⟨
(* Let $G=(V,E)$ be a finite connected graph with $n=|V|$, and consider the edge-averaging process $(f_t)_{t\ge0}$ on $G$ started from an arbitrary (deterministic) function $f_0:V\to[-1,1]$. Then for every $\varepsilon>0$ and every $t>0$, $$\mathbb{P}(\tau_\varepsilon>t)\le\frac{2n}{\varepsilon^2}\exp(-2t/n^2).$$
   Context: Edge-averaging process: each vertex $v\in V$ carries an opinion $f_t(v)\in\mathbb R$ at each time $t\ge 0$. Each edge carries an independent rate-one Poisson clock. When the clock of edge $\{u,v\}$ rings at time $t$, both endpoints update to $f_t(u)=f_t(v)=\frac{f_{t-}(u)+f_{t-}(v)}{2}$, where $f_{t-}(u)=\lim_{s\uparrow t}f_s(u)$; other opinions are unchanged. For $f:V\to\mathbb R$, $\mathrm{osc}(f):=\sup_{u,v\in V}|f(u)-f(v)|$, and $\tau_\varepsilon:=\min\{t\ge 0:\mathrm{osc}(f_t)\le\varepsilon\}$. *)

From HB Require Import structures.
From mathcomp Require Import all_boot all_order all_algebra.
From mathcomp Require Import all_classical all_reals all_analysis.
Set Implicit Arguments. Unset Strict Implicit. Unset Printing Implicit Defensive.
Import Order.TTheory GRing.Theory Num.Theory.
Local Open Scope ring_scope.

Section EdgeAveraging.
Variables (R : realType) (V : finType).

Definition edges (e : rel V) : {set {set V}} :=
  [set A : {set V} | [exists x, exists y, e x y && (A == [set x; y])]].

(* Oscillation sup_{u,v} |f u - f v| (V finite, so a max; 0 if V empty). *)
Definition osc (f : V -> R) : R :=
  \big[Num.max/0]_(u : V) \big[Num.max/0]_(v : V) `|f u - f v|.

(* Update when the clock of edge A = {u,v} rings: both endpoints take
   the average (f u + f v)/2, other opinions are unchanged. *)
Definition avg_step (f : V -> R) (A : {set V}) : V -> R :=
  fun x => if x \in A then (\sum_(y in A) f y) / 2 else f x.

Definition states (f0 : V -> R) (s : seq {set V}) : seq (V -> R) :=
  f0 :: scanl avg_step f0 s.

(* Realisation of the ring sequence s (up to time t) keeps the event
   {tau_eps > t}: every configuration visited has oscillation > eps. *)
Definition stays_above (eps : R) (f0 : V -> R) (s : seq {set V}) : bool :=
  all (fun g => eps < osc g) (states f0 s).

(* P(tau_eps > t) for the edge-averaging process with independent rate-one
   Poisson clocks on the edges.  By superposition, the rings of all clocks
   form a Poisson process of rate |E| whose marks are i.i.d. uniform edges;
   hence a given sequence of k rings in [0,t] (with edges s_1..s_k) has
   probability exp(-|E| t) (|E| t)^k / k! * |E|^{-k} = exp(-|E| t) t^k / k!. *)
Definition tail_prob (e : rel V) (f0 : V -> R) (eps t : R) : R :=
  limn (fun N : nat => \sum_(0 <= k < N)
     (expR (- ((#|edges e|)%:R * t)) * t ^+ k / (k`!)%:R *
      (#|[set s : k.-tuple {set V} |
          all (fun A => A \in edges e) s && stays_above eps f0 s]|)%:R)).

End EdgeAveraging.

(* Let Q f := sum_v (f v - mean f)^2.  When the clock of an edge {x, y} rings, Q drops by
   (f x - f y)^2 / 2.  A Poincare inequality along a simple path from a maximiser to a
   minimiser of f shows that the total drop over all edges is at least 2 Q / n^2, so
   summing Q over all k-sequences of edges gives at most (|E| - 2/n^2)^k Q f0 <= (|E| - 2/n^2)^k n.
   Since osc f > eps forces 2 Q f > eps^2, at most 2n/eps^2 (|E| - 2/n^2)^k sequences of k
   rings keep the oscillation above eps, and weighting them by e^{-|E|t} t^k / k! sums to
   the bound 2n/eps^2 e^{-2t/n^2}. *)

From HB Require Import structures.
From mathcomp Require Import all_boot all_order all_algebra.
From mathcomp Require Import all_classical all_reals all_analysis.
From mathcomp Require Import ring lra.
Import Order.TTheory GRing.Theory Num.Theory.
Local Open Scope ring_scope.

Lemma sub_last_telescope {R : zmodType} {T : Type} (f : T -> R) x p :
  f x - f (last x p) = \sum_(d <- pairmap (fun u v => f u - f v) x p) d.
Proof.
elim: p x => [|y p IHp] x /=; first by rewrite big_nil subrr.
by rewrite big_cons -IHp addrA subrK.
Qed.

Lemma sqr_sum_le_size {R : realFieldType} {T : Type} (r : seq T) (g : T -> R) :
  (\sum_(i <- r) g i) ^+ 2 <= (size r)%:R * \sum_(i <- r) g i ^+ 2.
Proof.
case: r => [|i0 r]; first by rewrite !big_nil expr0n mulr0.
set r' := i0 :: r; set S := \sum_(i <- r') g i; set Q := \sum_(i <- r') g i ^+ 2.
set k : R := (size r')%:R; have k_gt0 : 0 < k by [].
have : \sum_(i <- r') 2 * k * S * g i <= \sum_(i <- r') (k ^+ 2 * g i ^+ 2 + S ^+ 2).
  by apply: ler_sum => i _; have := sqr_ge0 (k * g i - S); rewrite !expr2; nra.
rewrite -mulr_sumr big_split -mulr_sumr /= big_const_seq count_predT iter_addr_0.
rewrite -/S -/Q -mulr_natr -/k => sumP.
by rewrite -(ler_pM2l k_gt0); nra.
Qed.

Lemma sum_tuple0 {R : nmodType} {T : finType} (F : 0.-tuple T -> R) :
  \sum_(s : 0.-tuple T) F s = F [tuple].
Proof. by rewrite (big_pred1 [tuple]) // => s; apply/esym/eqP; exact: tuple0. Qed.

Lemma sum_tupleS {R : nmodType} {T : finType} k (F : k.+1.-tuple T -> R) :
  \sum_(s : k.+1.-tuple T) F s = \sum_(x : T) \sum_(s : k.-tuple T) F [tuple of x :: s].
Proof.
rewrite pair_big /= (reindex (fun p : T * k.-tuple T => [tuple of p.1 :: p.2])) //=.
exists (fun s => (thead s, [tuple of behead s])) => [[x s] _ | s _] /=.
  by congr pair; apply: val_inj.
by case: s => -[|y l] // sz; apply: val_inj.
Qed.

Lemma lim_series_le_expR {R : realType} (c : nat -> R) (C x : R) :
  0 <= x -> 0 <= C -> (forall k, 0 <= c k) -> (forall k, c k <= C * exp_coeff x k) ->
  limn (fun N => \sum_(0 <= k < N) c k) <= C * expR x.
Proof.
move=> x_ge0 C_ge0 c_ge0 c_le.
have partial_le N : series c N <= C * expR x.
  apply: le_trans (_ : C * series (exp_coeff x) N <= _).
    by rewrite /series /= mulr_sumr; apply: ler_sum => k _; exact: c_le.
  rewrite ler_wpM2l //; apply: nondecreasing_cvgn_le (is_cvg_series_exp_coeff x) N.
  by apply: nondecreasing_series => k _ _; rewrite /exp_coeff /= divr_ge0 ?exprn_ge0.
have c_cvg : cvgn (fun N => \sum_(0 <= k < N) c k).
  apply: nondecreasing_is_cvgn; first exact: nondecreasing_series.
  by exists (C * expR x) => _ [N _ <-]; exact: partial_le.
by apply: limr_le c_cvg _; exact: nearW.
Qed.

Section SquaredDeviation.
Context {R : realFieldType} {V : finType}.
Implicit Types (f : V -> R) (a b : R).
Local Notation n := #|V|.

Definition mean f : R := (\sum_v f v) / n%:R.
Definition sqdev f : R := \sum_v (f v - mean f) ^+ 2.

Lemma sqdev_ge0 f : 0 <= sqdev f.
Proof. by apply: sumr_ge0 => v _; exact: sqr_ge0. Qed.

Lemma sum_sub_mean f : \sum_v (f v - mean f) = 0.
Proof.
have [n0 | n_gt0] := posnP n.
  by apply: big1 => v _; have := card0_eq n0 v; rewrite !inE.
rewrite sumrB sumr_const -mulr_natr /mean divfK ?subrr //.
by rewrite pnatr_eq0 -lt0n.
Qed.

Lemma sqdev_le_range f a b : (forall v, b <= f v <= a) ->
  sqdev f <= n%:R * (a - b) ^+ 2 / 4.
Proof.
move=> fab; set c := mean f.
(* termwise, (f v - c)^2 - (a + b - 2c)(f v - c) - (a - c)(c - b) = (f v - a)(f v - b) <= 0 *)
have sqdev_le : sqdev f <= n%:R * ((a - c) * (c - b)).
  have -> : n%:R * ((a - c) * (c - b)) =
            \sum_v ((a + b - 2 * c) * (f v - c) + (a - c) * (c - b)).
    by rewrite big_split /= -mulr_sumr sum_sub_mean mulr0 add0r sumr_const mulr_natl.
  by apply: ler_sum => v _; have /andP[] := fab v; rewrite expr2 -/c; nra.
apply: le_trans sqdev_le _; rewrite -mulrA ler_wpM2l //.
by have := sqr_ge0 (a + b - 2 * c); rewrite !expr2; nra.
Qed.

Lemma sqr_sub_le_sqdev f u v : (f u - f v) ^+ 2 <= 2 * sqdev f.
Proof.
have [-> | uv] := eqVneq u v; first by rewrite subrr expr0n mulr_ge0 ?sqdev_ge0.
rewrite /sqdev (bigD1 u) // (bigD1 v) /=; last by rewrite eq_sym.
set c := mean f; set rest := \sum_(w | _) _.
have : 0 <= rest by apply: sumr_ge0 => w _; exact: sqr_ge0.
by have := sqr_ge0 (f u + f v - 2 * c); rewrite !expr2; nra.
Qed.

Lemma sqdev_le_card f : (forall v, -1 <= f v <= 1) -> sqdev f <= n%:R.
Proof.
move=> f_range; apply: le_trans (sqdev_le_range f 1 (-1) f_range) _.
by rewrite -mulrA (_ : (1 - -1) ^+ 2 / 4 = 1) ?mulr1 //; field.
Qed.

End SquaredDeviation.

Section AveragingStep.
Context {R : realType} {V : finType}.
Variables (f : V -> R) (x y : V).
Hypothesis xy : x != y.

Lemma sum_split_pair (F : V -> R) :
  \sum_v F v = F x + F y + \sum_(v | (v != x) && (v != y)) F v.
Proof. by rewrite (bigD1 x) // (bigD1 y) 1?eq_sym //= addrA. Qed.

Lemma avg_step_pair v : avg_step f [set x; y] v =
  if (v == x) || (v == y) then (f x + f y) / 2 else f v.
Proof. by rewrite /avg_step !inE big_setU1 ?big_set1 ?inE. Qed.

Lemma avg_step_pair_out v : (v != x) && (v != y) -> avg_step f [set x; y] v = f v.
Proof. by case/andP=> /negbTE vx /negbTE vy; rewrite avg_step_pair vx vy. Qed.

Lemma mean_avg_step : mean (avg_step f [set x; y]) = mean f.
Proof.
rewrite /mean !(sum_split_pair (avg_step _ _)) (sum_split_pair f) !avg_step_pair.
rewrite !eqxx orbT /= (eq_bigr f) => [|v]; last exact: avg_step_pair_out.
by congr (_ / _); congr (_ + _); field.
Qed.

Lemma sqdev_avg_step :
  sqdev (avg_step f [set x; y]) = sqdev f - (f x - f y) ^+ 2 / 2.
Proof.
rewrite /sqdev mean_avg_step !(sum_split_pair (fun v => (_ - mean f) ^+ 2)).
rewrite !avg_step_pair !eqxx orbT /=.
rewrite (eq_bigr (fun v => (f v - mean f) ^+ 2)) => [|v /avg_step_pair_out -> //].
by rewrite !expr2; field.
Qed.

End AveragingStep.

Lemma osc_sqr_le_sqdev {R : realType} {V : finType} (f : V -> R) :
  osc f ^+ 2 <= 2 * sqdev f.
Proof.
have sqdev2_ge0 : 0 <= 2 * sqdev f by rewrite mulr_ge0 ?sqdev_ge0.
have osc_ge0 : 0 <= osc f by exact: bigmax_ge_id.
rewrite -(sqr_sqrtr sqdev2_ge0) ler_pXn2r ?nnegrE ?sqrtr_ge0 //.
apply: bigmax_le => [|u _]; first exact: sqrtr_ge0.
apply: bigmax_le => [|v _]; first exact: sqrtr_ge0.
by rewrite -sqrtr_sqr ler_sqrt // sqr_sub_le_sqdev.
Qed.

Lemma osc_card_le1 {R : realType} {V : finType} (f : V -> R) : (#|V| <= 1)%N -> osc f = 0.
Proof.
move/fintype_le1P => V_eq; apply/eqP; rewrite eq_le bigmax_ge_id andbT.
apply: bigmax_le => // u _; apply: bigmax_le => // v _.
by rewrite (V_eq v u) subrr normr0.
Qed.

Section GraphPoincare.
Context {R : realType} {V : finType}.
Variable e : rel V.
Hypothesis e_irr : irreflexive e.
Implicit Types (f : V -> R) (A : {set V}).
Local Notation E := (edges e).

Lemma edgesP A : reflect (exists x y, e x y /\ A = [set x; y]) (A \in E).
Proof.
rewrite inE; apply: (iffP existsP) => [[x /existsP[y /andP[exy /eqP ->]]]|].
  by exists x, y.
by case=> x [y [exy ->]]; exists x; apply/existsP; exists y; rewrite exy eqxx.
Qed.

Definition sqdev_drop f A := sqdev f - sqdev (avg_step f A).

Lemma sqdev_drop_edge f x y : e x y -> sqdev_drop f [set x; y] = (f x - f y) ^+ 2 / 2.
Proof.
move=> exy; have xy : x != y by apply: contraTneq exy => ->; rewrite e_irr.
by rewrite /sqdev_drop sqdev_avg_step // opprB addrC subrK.
Qed.

Lemma sqdev_drop_ge0 f A : A \in E -> 0 <= sqdev_drop f A.
Proof. by case/edgesP=> x [y [exy ->]]; rewrite sqdev_drop_edge // divr_ge0 ?sqr_ge0. Qed.

Definition path_edges (x : V) (p : seq V) : seq {set V} :=
  pairmap (fun u v => [set u; v]) x p.

Lemma path_edges_sub x p : path e x p -> {subset path_edges x p <= E}.
Proof.
elim: p x => [|y p IHp] x //= /andP[exy pth] A.
by rewrite inE => /predU1P[-> | /IHp]; [apply/edgesP; exists x, y | exact].
Qed.

Lemma path_edges_subset x p A : A \in path_edges x p -> {subset A <= x :: p}.
Proof.
elim: p x => [|y p IHp] x //=; rewrite inE => /predU1P[-> w | /IHp sub w /sub].
  by rewrite !inE => /orP[] ->; rewrite ?orbT.
exact: (@mem_behead _ [:: x, y & p]).
Qed.

Lemma uniq_path_edges x p : uniq (x :: p) -> uniq (path_edges x p).
Proof.
elim: p x => [|y p IHp] x //= /andP[xNyp /[dup] uyp /IHp ->]; rewrite andbT.
apply: contra xNyp => /path_edges_subset; apply; exact: setU11.
Qed.
Lemma chase_wins r j d : r \in s -> j \in s -> d != r -> d != j ->
  fac_forces e (size s) goal r j d.
Proof.
move=> rs js dr dj; apply: chase_forces => // off.
by have := ends_dist_sum_bound (off_arcs rs js off); rewrite /s /= size_cat /=; lia.
Qed.
End Chase.

Theorem claim1 (T : finType) (e : rel T)
  (HG : simple_graph e) (Hconn : connected_graph e)
  (C : seq T) (HC : is_cycle e C) (Hsc : has_shortcut e C)
  (r j d : T) (Hr : r \in C) (Hj : j \in C) (Hdr : d != r) (Hdj : d != j) :
  fac_forces e (size C)
    (fun r' j' => r' = j' \/
       exists C', [/\ is_cycle e C', size C' < size C, r' \in C' & j' \in C'])
    r j d.
Proof.
case: HG => sym_e _; case: HC => _ uC cC.
case: Hsc => u [v [uC' vC uv [p [avp [pA pB]]]]].
case: (rot_to_arc uC uC' vC uv) => i A B arcA arcB rotC.
have us : uniq (u :: A ++ v :: B) by rewrite -rotC rot_uniq.
have cs : cycle e (u :: A ++ v :: B) by rewrite -rotC rot_cycle.
have memC : C =i u :: A ++ v :: B by move=> z; rewrite -rotC mem_rot.
have -> : size C = size (u :: A ++ v :: B) by rewrite -rotC size_rot.
rewrite -arcA -arcB /= !ltnS in pA pB.
have shorter := closed_arcs_on_shorter_cycles sym_e us cs (avoiding_path_memE memC avp) pA pB.
by apply: chase_wins; rewrite -?memC // => r' j' /shorter; right.
Qed.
⟩
• _Exercise_
What number of lines in the data contain the word "arcB"? Give the number and nothing else.

• _Output below_
2